How to complete this task: Copy out each line of the data holding "Prop".

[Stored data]
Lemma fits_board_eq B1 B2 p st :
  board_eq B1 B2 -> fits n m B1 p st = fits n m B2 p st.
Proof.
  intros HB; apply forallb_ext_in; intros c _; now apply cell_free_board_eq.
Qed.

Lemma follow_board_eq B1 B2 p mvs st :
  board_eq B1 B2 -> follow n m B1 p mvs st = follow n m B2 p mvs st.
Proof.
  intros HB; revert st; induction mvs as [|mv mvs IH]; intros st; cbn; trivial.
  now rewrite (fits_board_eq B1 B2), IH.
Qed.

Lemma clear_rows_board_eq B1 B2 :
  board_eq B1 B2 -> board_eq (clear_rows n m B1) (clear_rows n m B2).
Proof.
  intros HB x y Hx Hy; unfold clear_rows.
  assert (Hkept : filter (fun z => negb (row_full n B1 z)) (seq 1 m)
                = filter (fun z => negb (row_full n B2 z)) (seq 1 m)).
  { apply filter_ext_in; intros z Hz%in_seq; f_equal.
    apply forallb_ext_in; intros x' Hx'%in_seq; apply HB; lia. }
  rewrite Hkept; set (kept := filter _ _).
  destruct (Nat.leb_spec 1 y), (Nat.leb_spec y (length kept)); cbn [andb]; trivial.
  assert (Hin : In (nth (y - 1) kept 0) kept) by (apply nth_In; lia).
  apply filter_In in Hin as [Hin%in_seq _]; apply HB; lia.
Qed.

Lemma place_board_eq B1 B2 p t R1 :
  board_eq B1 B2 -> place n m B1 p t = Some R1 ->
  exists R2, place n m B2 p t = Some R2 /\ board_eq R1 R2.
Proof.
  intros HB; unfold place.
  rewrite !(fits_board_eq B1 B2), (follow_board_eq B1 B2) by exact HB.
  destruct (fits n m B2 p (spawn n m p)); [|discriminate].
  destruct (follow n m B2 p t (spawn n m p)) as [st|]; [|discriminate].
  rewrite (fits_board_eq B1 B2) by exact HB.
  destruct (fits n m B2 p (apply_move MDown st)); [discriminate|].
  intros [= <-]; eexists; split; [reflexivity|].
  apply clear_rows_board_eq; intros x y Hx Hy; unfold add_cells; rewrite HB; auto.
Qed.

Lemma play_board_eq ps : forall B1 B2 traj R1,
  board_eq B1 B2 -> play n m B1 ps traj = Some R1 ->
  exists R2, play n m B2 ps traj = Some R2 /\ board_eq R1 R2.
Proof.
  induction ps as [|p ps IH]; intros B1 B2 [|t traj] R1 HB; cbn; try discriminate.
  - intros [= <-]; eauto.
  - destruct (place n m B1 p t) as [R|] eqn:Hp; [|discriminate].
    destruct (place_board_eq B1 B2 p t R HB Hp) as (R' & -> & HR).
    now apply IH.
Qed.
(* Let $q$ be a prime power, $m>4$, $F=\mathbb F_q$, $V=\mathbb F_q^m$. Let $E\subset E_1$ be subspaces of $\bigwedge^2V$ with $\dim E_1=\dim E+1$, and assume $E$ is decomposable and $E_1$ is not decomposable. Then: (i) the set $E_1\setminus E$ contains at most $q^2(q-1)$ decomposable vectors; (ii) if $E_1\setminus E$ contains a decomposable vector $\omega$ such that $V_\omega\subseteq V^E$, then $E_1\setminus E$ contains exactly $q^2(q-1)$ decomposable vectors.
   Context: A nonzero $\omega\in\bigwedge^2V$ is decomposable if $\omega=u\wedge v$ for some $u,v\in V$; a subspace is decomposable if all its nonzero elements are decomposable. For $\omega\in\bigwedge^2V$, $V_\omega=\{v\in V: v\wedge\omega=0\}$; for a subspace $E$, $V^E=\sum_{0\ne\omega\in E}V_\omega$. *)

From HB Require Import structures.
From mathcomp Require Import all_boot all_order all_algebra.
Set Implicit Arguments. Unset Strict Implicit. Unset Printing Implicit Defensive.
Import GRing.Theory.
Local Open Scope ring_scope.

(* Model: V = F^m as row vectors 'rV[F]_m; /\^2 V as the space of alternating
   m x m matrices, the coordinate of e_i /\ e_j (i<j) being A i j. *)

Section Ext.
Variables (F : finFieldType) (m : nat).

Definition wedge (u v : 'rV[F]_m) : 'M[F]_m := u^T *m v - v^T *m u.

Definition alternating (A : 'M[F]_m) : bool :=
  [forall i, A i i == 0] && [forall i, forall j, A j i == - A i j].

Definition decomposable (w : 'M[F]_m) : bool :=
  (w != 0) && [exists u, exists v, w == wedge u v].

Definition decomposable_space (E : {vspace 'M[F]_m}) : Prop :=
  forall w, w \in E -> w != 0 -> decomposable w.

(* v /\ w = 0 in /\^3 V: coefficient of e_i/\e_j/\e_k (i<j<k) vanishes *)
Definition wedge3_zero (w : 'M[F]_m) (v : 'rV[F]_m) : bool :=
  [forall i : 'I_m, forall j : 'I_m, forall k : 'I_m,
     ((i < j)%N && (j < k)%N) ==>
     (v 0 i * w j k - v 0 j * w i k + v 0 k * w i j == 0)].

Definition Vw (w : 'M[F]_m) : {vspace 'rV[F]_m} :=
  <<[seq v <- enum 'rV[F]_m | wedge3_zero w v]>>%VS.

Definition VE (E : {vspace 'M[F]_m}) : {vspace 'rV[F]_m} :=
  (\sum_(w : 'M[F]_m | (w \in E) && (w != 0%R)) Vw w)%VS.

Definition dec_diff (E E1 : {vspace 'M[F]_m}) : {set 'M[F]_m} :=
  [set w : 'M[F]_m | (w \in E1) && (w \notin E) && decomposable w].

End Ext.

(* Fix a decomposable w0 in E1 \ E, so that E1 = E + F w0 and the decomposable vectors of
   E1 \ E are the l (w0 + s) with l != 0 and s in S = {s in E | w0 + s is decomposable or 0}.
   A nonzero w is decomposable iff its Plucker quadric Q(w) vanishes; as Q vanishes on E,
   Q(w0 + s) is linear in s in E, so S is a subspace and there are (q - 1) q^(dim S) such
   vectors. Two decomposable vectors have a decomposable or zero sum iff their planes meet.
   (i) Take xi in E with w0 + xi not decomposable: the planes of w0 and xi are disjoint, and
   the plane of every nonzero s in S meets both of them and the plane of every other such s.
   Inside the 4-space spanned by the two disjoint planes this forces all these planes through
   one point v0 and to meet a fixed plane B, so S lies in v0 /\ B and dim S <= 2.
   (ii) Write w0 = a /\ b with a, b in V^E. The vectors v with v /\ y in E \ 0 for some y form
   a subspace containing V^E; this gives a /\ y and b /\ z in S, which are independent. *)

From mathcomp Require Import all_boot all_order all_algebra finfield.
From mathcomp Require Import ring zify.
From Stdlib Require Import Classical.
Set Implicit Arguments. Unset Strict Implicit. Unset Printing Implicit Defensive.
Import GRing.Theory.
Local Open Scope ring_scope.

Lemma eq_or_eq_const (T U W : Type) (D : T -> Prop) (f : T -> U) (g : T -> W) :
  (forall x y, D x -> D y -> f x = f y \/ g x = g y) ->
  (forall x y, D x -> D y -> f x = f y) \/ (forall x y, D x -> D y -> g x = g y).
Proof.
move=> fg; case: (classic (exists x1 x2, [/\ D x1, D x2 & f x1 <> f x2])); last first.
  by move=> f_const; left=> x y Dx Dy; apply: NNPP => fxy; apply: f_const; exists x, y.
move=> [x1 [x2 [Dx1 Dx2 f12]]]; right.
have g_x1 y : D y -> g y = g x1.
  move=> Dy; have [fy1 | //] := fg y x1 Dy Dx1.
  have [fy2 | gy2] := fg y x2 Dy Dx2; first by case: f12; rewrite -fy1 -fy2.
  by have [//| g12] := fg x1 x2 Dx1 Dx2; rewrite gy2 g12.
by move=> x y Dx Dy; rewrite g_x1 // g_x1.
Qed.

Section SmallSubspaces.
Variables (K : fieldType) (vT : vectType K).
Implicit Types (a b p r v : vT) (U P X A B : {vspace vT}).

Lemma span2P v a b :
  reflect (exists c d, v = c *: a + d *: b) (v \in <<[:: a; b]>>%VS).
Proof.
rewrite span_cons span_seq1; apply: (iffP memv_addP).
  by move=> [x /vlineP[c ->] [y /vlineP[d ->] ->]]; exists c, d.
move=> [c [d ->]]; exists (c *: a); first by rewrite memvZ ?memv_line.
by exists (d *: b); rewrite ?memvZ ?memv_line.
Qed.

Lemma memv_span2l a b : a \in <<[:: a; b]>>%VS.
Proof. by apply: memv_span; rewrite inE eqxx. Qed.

Solution:
Definition decomposable_space (E : {vspace 'M[F]_m}) : Prop :=
Lemma eq_or_eq_const (T U W : Type) (D : T -> Prop) (f : T -> U) (g : T -> W) :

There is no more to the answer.